Article ID | Journal | Published Year | Pages | File Type |
---|---|---|---|---|
558300 | Computer Speech & Language | 2014 | 17 Pages |
•We propose neutral reference models to detect emotions in the fundamental frequency.•A novel scheme based on functional data analysis is presented.•The proposed approach achieves higher accuracies than the state-of-the-art method.•The scheme is also employed to the to detect the most emotionally salient segments.•The approach is validated at the sub-sentence level by employing a natural database.
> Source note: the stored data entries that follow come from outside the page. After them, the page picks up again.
(* Let $G$ be a graph. For each vertex $v$ let $\mathrm{BFS}(v)$ be a breadth-first search tree of $G$ rooted at $v$ and let $\ell(v)$ be the number of leaves of $\mathrm{BFS}(v)$. Then $\mathrm{gp}(G)\le 1+\min\{\ell(v) : v \text{ is a gp-vertex of } G\}$.
   Context: All graphs are finite, simple and connected. A geodesic is a shortest path. A set $S$ of vertices is a general position set of $G$ if no three vertices of $S$ lie on a common geodesic of $G$; $\mathrm{gp}(G)$ is the maximum cardinality of a general position set, and a general position set of that cardinality is a gp-set. A gp-vertex of $G$ is a vertex lying in at least one gp-set of $G$. *)

From mathcomp Require Import all_boot.
Set Implicit Arguments. Unset Strict Implicit. Unset Printing Implicit Defensive.

Section Graphs.
Variable T : finType.

Definition simple_connected_graph (e : rel T) : Prop :=
  [/\ symmetric e, irreflexive e & forall x y : T, connect e x y].

Definition walkn (e : rel T) (x y : T) (n : nat) : bool :=
  [exists p : n.-tuple T, path e x p && (last x p == y)].

(* distance: least n with a walk of length n (all distances in a connected
   graph are < #|T|; the value #|T| is returned for unreachable pairs) *)
Definition dist (e : rel T) (x y : T) : nat :=
  find (walkn e x y) (iota 0 #|T|).

Definition geodesic (e : rel T) (g : seq T) : bool :=
  if g is x :: p then path e x p && (size p == dist e x (last x p))
  else false.

Definition gp_set (e : rel T) (S : {set T}) : Prop :=
  forall x y z : T, x \in S -> y \in S -> z \in S ->
    x != y -> y != z -> x != z ->
    ~ exists g : seq T, [/\ geodesic e g, x \in g, y \in g & z \in g].

Definition is_gp (e : rel T) (k : nat) : Prop :=
  (exists S : {set T}, gp_set e S /\ #|S| = k) /\
  (forall S : {set T}, gp_set e S -> #|S| <= k).

Definition gp_vertex (e : rel T) (k : nat) (v : T) : Prop :=
  exists S : {set T}, [/\ gp_set e S, #|S| = k & v \in S].

Definition acyclic (t : rel T) : Prop :=
  forall c : seq T, 2 < size c -> uniq c -> ~~ cycle t c.

Definition spanning_tree (e t : rel T) : Prop :=
  [/\ subrel t e, symmetric t, irreflexive t,
      (forall x y : T, connect t x y) & acyclic t].

Definition bfs_tree (e : rel T) (v : T) (t : rel T) : Prop :=
  spanning_tree e t /\ forall u : T, dist t v u = dist e v u.

Definition leaves (t : rel T) : nat := #|[set u : T | #|[set w | t u w]| == 1]|.
End Graphs.

From mathcomp Require Import all_boot zify.
Set Implicit Arguments. Unset Strict Implicit. Unset Printing Implicit Defensive.

(* Let S be a gp-set containing v and t a BFS tree rooted at v.  Map each
   u in S \ {v} to a deepest descendant of u in t; having no child, it is a
   leaf.  Since t preserves distances from v, the tree path from any vertex up
   to v is a geodesic of G.  So if two vertices u1, u2 of S \ {v} had the same
   leaf, then v, u1, u2 would lie on one geodesic; hence S \ {v} injects into
   the leaves of t. *)

Section Walks.
Variables (T : finType) (r : rel T).

Lemma walknP x y n :
  reflect (exists p, [/\ size p = n, path r x p & last x p = y]) (walkn r x y n).
Proof.
apply: (iffP existsP) => [[p /andP[hp /eqP hl]] | [p [hs hp hl]]].
  by exists (val p); rewrite size_tuple.
have hs' : size p == n by apply/eqP.
by exists (Tuple hs'); rewrite /= hp hl eqxx.
Qed.

Lemma walkn_connect x y n : walkn r x y n -> connect r x y.
Proof. by case/walknP=> p [_ hp <-]; apply/connectP; exists p. Qed.

Lemma walkn0_eq x y : walkn r x y 0 -> x = y.
Proof. by case/walknP => -[|a p] [] //= _ _ ->. Qed.

Lemma walknSr x y n : walkn r x y n.+1 -> exists2 z, walkn r x z n & r z y.
Proof.
move=> /walknP [p [hs hp hl]].
case/lastP: p hs hp hl => [//|q z]; rewrite size_rcons rcons_path last_rcons.
move=> [hs] /andP [hq hz] <-; exists (last x q) => //.
by apply/walknP; exists q.
Qed.

Lemma walkn_rcons x z y n : walkn r x z n -> r z y -> walkn r x y n.+1.
Proof.
move=> /walknP [p [hs hp hl]] hr; apply/walknP; exists (rcons p y).
by rewrite size_rcons rcons_path last_rcons hs hp hl hr.
Qed.

Lemma dist_le_card x y : dist r x y <= #|T|.
Proof. by have := find_size (walkn r x y) (iota 0 #|T|); rewrite size_iota. Qed.

Lemma dist_le_walkn x y n : walkn r x y n -> dist r x y <= n.
Proof.
move=> hw; have [hn|hn] := ltnP n #|T|; last exact: leq_trans (dist_le_card x y) hn.
rewrite leqNgt; apply/negP => /(before_find 0).
by rewrite nth_iota // add0n hw.
Qed.

Lemma walkn_dist x y : connect r x y -> walkn r x y (dist r x y).
Proof.
move=> /connectP [p hp ->]; case: (shortenP hp) => p' hp' hu _.
have hs : size p' < #|T|.
  by have := max_card (mem (x :: p')); rewrite (card_uniqP hu).
have hh : has (walkn r x (last x p')) (iota 0 #|T|).
  apply/hasP; exists (size p'); first by rewrite mem_iota.
  by apply/walknP; exists p'.
have := nth_find 0 hh; rewrite has_find size_iota in hh.
by rewrite nth_iota // add0n.
Qed.

Lemma dist_xx x : dist r x x = 0.
Proof.
by apply/eqP; rewrite -leqn0; apply: dist_le_walkn; apply/walknP; exists [::].
Qed.

Lemma dist_eq0 x y : connect r x y -> dist r x y = 0 -> x = y.
Proof. by move=> /walkn_dist hw h0; rewrite h0 in hw; apply: walkn0_eq. Qed.

Lemma dist_pred x y : connect r x y -> x != y ->
  exists2 z, r z y & (dist r x z).+1 = dist r x y.
Proof.
move=> /walkn_dist; case hd: (dist r x y) => [|n] hw hxy.
  by rewrite (walkn0_eq hw) eqxx in hxy.
have [z hz hzy] := walknSr hw; exists z => //.
have := dist_le_walkn (walkn_rcons (walkn_dist (walkn_connect hz)) hzy).
by have := dist_le_walkn hz; rewrite hd; lia.
Qed.

Hypothesis r_sym : symmetric r.

Lemma walkn_sym x y n : walkn r x y n -> walkn r y x n.
Proof.
move=> /walknP [p [hsz hp hl]]; apply/walknP.
exists (rev (belast x p)); split.
- by rewrite size_rev size_belast.
- by rewrite -hl rev_path (@eq_path _ _ r) // => a b; apply: r_sym.
- by case: p hsz hp hl => [|a p] //= _ _ _; rewrite rev_cons last_rcons.
Qed.

Lemma dist_sym x y : dist r x y = dist r y x.
Proof. by apply: eq_find => n; apply/idP/idP; apply: walkn_sym. Qed.

End Walks.

(* The default [x] is only reached when [x] is not connected to [v]. *)
Definition parent (T : finType) (t : rel T) (v x : T) : T :=
  if x == v then v
  else odflt x [pick y | t y x && ((dist t v y).+1 == dist t v x)].

Section RootPaths.
Variables (T : finType) (t : rel T) (v : T).
Hypothesis t_connected : forall x, connect t v x.

Local Notation P := (parent t v).
Local Notation d := (dist t v).

Lemma parent_root : P v = v.
Proof. by rewrite /parent eqxx. Qed.

Lemma parent_spec x : x != v -> t (P x) x /\ (d (P x)).+1 = d x.
Proof.
move=> hx; rewrite /parent (negbTE hx).
case: pickP => [y /andP [h1 /eqP h2] //|none]; exfalso.
have hvx : v != x by rewrite eq_sym.
have [z hz hzd] := dist_pred (t_connected x) hvx.
by move: (none z); rewrite hz hzd eqxx.
Qed.

Lemma parent_edge x : x != v -> t (P x) x.
Proof. by case/parent_spec. Qed.

Lemma dist_parent x : x != v -> (d (P x)).+1 = d x.
Proof. by case/parent_spec. Qed.

Lemma dist_iter_parent k x : d (iter k P x) = d x - k.
Proof.
elim: k => [|k IH]; first by rewrite subn0.
rewrite iterS subnS -IH; have [->|hy] := eqVneq (iter k P x) v.
  by rewrite parent_root dist_xx.
by rewrite -(dist_parent hy).
Qed.

Lemma iter_parent_dist x : iter (d x) P x = v.
Proof. by apply/esym/(dist_eq0 (t_connected _)); rewrite dist_iter_parent subnn. Qed.

Definition root_path x := traject P x (d x).+1.

Lemma root_path_root : root_path v = [:: v].
Proof. by rewrite /root_path dist_xx. Qed.

Lemma mem_root_path_root x : v \in root_path x.
Proof. by apply/trajectP; exists (d x); rewrite ?iter_parent_dist. Qed.

Lemma root_path_parent x : x != v -> root_path x = x :: root_path (P x).
Proof. by move=> hx; rewrite /root_path -(dist_parent hx). Qed.

Lemma uniq_traject_parent n x : n <= (d x).+1 -> uniq (traject P x n).
Proof.
elim: n x => [//|n IH] x hn; rewrite trajectS /= IH ?andbT.
- apply/trajectP => -[k hk]; rewrite -iterSr => hx.
  by have := dist_iter_parent k.+1 x; rewrite -hx; lia.
- have [hxv|hx] := eqVneq x v; last by rewrite (dist_parent hx).
  by rewrite hxv parent_root in hn *; apply: ltnW.
Qed.

Hypothesis t_sym : symmetric t.

Lemma path_traject_parent n x : n <= d x -> path t x (traject P (P x) n).
Proof.
elim: n x => [//|n IH] x hn.
have hx : x != v by apply: contraTneq hn => ->; rewrite dist_xx.
rewrite trajectS /= t_sym parent_edge //=; apply: IH.
by rewrite -ltnS dist_parent.
Qed.

Lemma cycle_parent_paths x w i j :
  t x w -> i <= d x -> j <= d w -> iter i P x = iter j P w ->
  cycle t (traject P x i.+1 ++ rev (traject P w j)).
Proof.
move=> hxw hi hj hij.
rewrite trajectS /= rcons_cat cat_path last_traject path_traject_parent //= hij.
have := rev_path t x (rcons (traject P w j) (iter j P w)).
rewrite last_rcons belast_rcons rev_cons => ->.
rewrite -trajectSr trajectS (@eq_path _ _ t) => [|a b]; last exact: t_sym.
by rewrite /= hxw path_traject_parent.
Qed.

Hypotheses (t_irr : irreflexive t) (t_acyclic : acyclic t).

(* Otherwise the root paths of [x] and [w], up to their first common vertex,
   close up with the edge [x w] into a cycle. *)
Lemma tree_edge_parent x w : t x w -> w = P x \/ x = P w.
Proof.
move=> hxw; have [|hw] := eqVneq w (P x); [by left | right].
apply/eqP/negP => hx.
have hex : exists j, iter j P w \in root_path x.
  by exists (d w); rewrite iter_parent_dist mem_root_path_root.
have [j /trajectP [i hi hij] hmin] := ex_minnP hex.
have hj : j <= d w by apply: hmin; rewrite iter_parent_dist mem_root_path_root.
have hsz : 2 < size (traject P x i.+1 ++ rev (traject P w j)).
  rewrite size_cat size_rev !size_traject.
  case: i j hij {hi hj hmin} => [|[|i]] [|[|j]] //= hij; try lia.
  - by move: hxw; rewrite -hij t_irr.
  - by rewrite hij eqxx in hx.
  - by rewrite -hij eqxx in hw.
have hu : uniq (traject P x i.+1 ++ rev (traject P w j)).
  rewrite cat_uniq rev_uniq !uniq_traject_parent ?andbT //; last exact: leqW.
  apply/hasPn => y; rewrite mem_rev => /trajectP [k hk ->].
  apply/negP => /trajectP [k' hk' hkk'].
  suff : j <= k by rewrite leqNgt hk.
  apply: hmin; rewrite hkk'.
  by apply/trajectP; exists k'; first exact: leq_trans hi.
have := t_acyclic hsz hu.
by rewrite cycle_parent_paths // -ltnS.
Qed.

Lemma childless_neighbors x :
  x != v -> (forall c, P c != x) -> [set w | t x w] = [set P x].
Proof.
move=> hx hc; apply/setP => w; rewrite !inE; apply/idP/eqP => [hxw|->].
  by case: (tree_edge_parent hxw) => // hxw'; move: (hc w); rewrite -hxw' eqxx.
by rewrite t_sym parent_edge.
Qed.

(* [y] is a descendant of [u] iff [u] lies on the root path of [y]. *)
Definition deepest_desc u := [arg max_(y > u in [set y | u \in root_path y]) d y].

Lemma deepest_descP u :
  u \in root_path (deepest_desc u) /\
  forall y, u \in root_path y -> d y <= d (deepest_desc u).
Proof.
rewrite /deepest_desc; case: arg_maxnP => [|y hy hmax].
  by rewrite inE mem_head.
by split => [|z hz]; [rewrite inE in hy | apply: hmax; rewrite inE].
Qed.

Lemma deepest_desc_neq_root u : u != v -> deepest_desc u != v.
Proof.
move=> hu; apply: contraNneq hu => hL.
by have [+ _] := deepest_descP u; rewrite hL root_path_root inE.
Qed.

Lemma parent_neq_deepest_desc u c : u != v -> P c != deepest_desc u.
Proof.
move=> hu; apply/eqP => hc; have [hL hmax] := deepest_descP u.
have hcv : c != v.
  by apply: contra_neq (deepest_desc_neq_root hu) => hcv; rewrite -hc hcv parent_root.
have : d c <= d (deepest_desc u).
  by apply: hmax; rewrite root_path_parent // hc inE hL orbT.
by rewrite -(dist_parent hcv) hc ltnn.
Qed.

Lemma deepest_desc_leaf u : u != v -> #|[set w | t (deepest_desc u) w]| == 1.
Proof.
move=> hu; rewrite (childless_neighbors (deepest_desc_neq_root hu)) ?cards1 //.
by move=> c; apply: parent_neq_deepest_desc.
Qed.

Variable e : rel T.
Hypotheses (e_sym : symmetric e) (t_sub : subrel t e).

Lemma root_path_geodesic x : d x = dist e v x -> geodesic e (root_path x).
Proof.
move=> hd; rewrite /geodesic /root_path trajectS size_traject last_traject.
rewrite iter_parent_dist (dist_sym e_sym x v) -hd eqxx andbT.
by apply: (sub_path t_sub); apply: path_traject_parent.
Qed.

End RootPaths.

Lemma gp_set_card_le_leaves (T : finType) (e t : rel T) (v : T) (S : {set T}) :
  symmetric e -> bfs_tree e v t -> gp_set e S -> v \in S -> #|S| <= 1 + leaves t.
Proof.
move=> e_sym [[t_sub t_sym t_irr t_conn t_acyclic] t_dist] hS hvS.
have inj : {in S :\ v &, injective (deepest_desc t v)}.
  move=> u1 u2 /setD1P [hu1 hu1S] /setD1P [hu2 hu2S] hL.
  have [//|hne] := eqVneq u1 u2; exfalso.
  have [hL1 _] := deepest_descP t v u1.
  have [hL2 _] := deepest_descP t v u2; rewrite -hL in hL2.
  apply: (hS v u1 u2) => //; rewrite 1?eq_sym //.
  exists (root_path t v (deepest_desc t v u1)); split => //.
    exact: root_path_geodesic.
  exact: mem_root_path_root.
rewrite (cardsD1 v S) hvS leq_add2l -(card_in_imset inj).
apply/subset_leq_card/subsetP => _ /imsetP [u /setD1P [hu _] ->].
by rewrite inE deepest_desc_leaf.
Qed.

Theorem corollary3p4 (T : finType) (e : rel T) (BFS : T -> rel T) (k : nat) :
  simple_connected_graph e ->
  (forall v : T, bfs_tree e v (BFS v)) ->
  is_gp e k ->
  forall v : T, gp_vertex e k v -> k <= 1 + leaves (BFS v).
Proof.
move=> [e_sym _ _] hbfs _ v [S [hS <- hvS]].
exact: gp_set_card_le_leaves (hbfs v) hS hvS.
Qed.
This paper proposes the use of neutral reference models to detect local emotional prominence in the fundamental frequency. A novel approach based on functional data analysis (FDA) is presented, which aims to capture the intrinsic variability of F0 contours. The neutral models are represented by a basis of functions and the testing F0 contour is characterized by the projections onto that basis. For a given F0 contour, we estimate the functional principal component analysis (PCA) projections, which are used as features for emotion detection. The approach is evaluated with lexicon-dependent (i.e., one functional PCA basis per sentence) and lexicon-independent (i.e., a single functional PCA basis across sentences) models. The experimental results show that the proposed system can lead to accuracies as high as 75.8% in binary emotion classification, which is 6.2% higher than the accuracy achieved by a benchmark system trained with global F0 statistics. The approach can be implemented at sub-sentence level (e.g., 0.5 s segments), facilitating the detection of localized emotional information conveyed within the sentence. The approach is validated with the SEMAINE database, which is a spontaneous corpus. The results indicate that the proposed scheme can be effectively employed in real applications to detect emotional speech.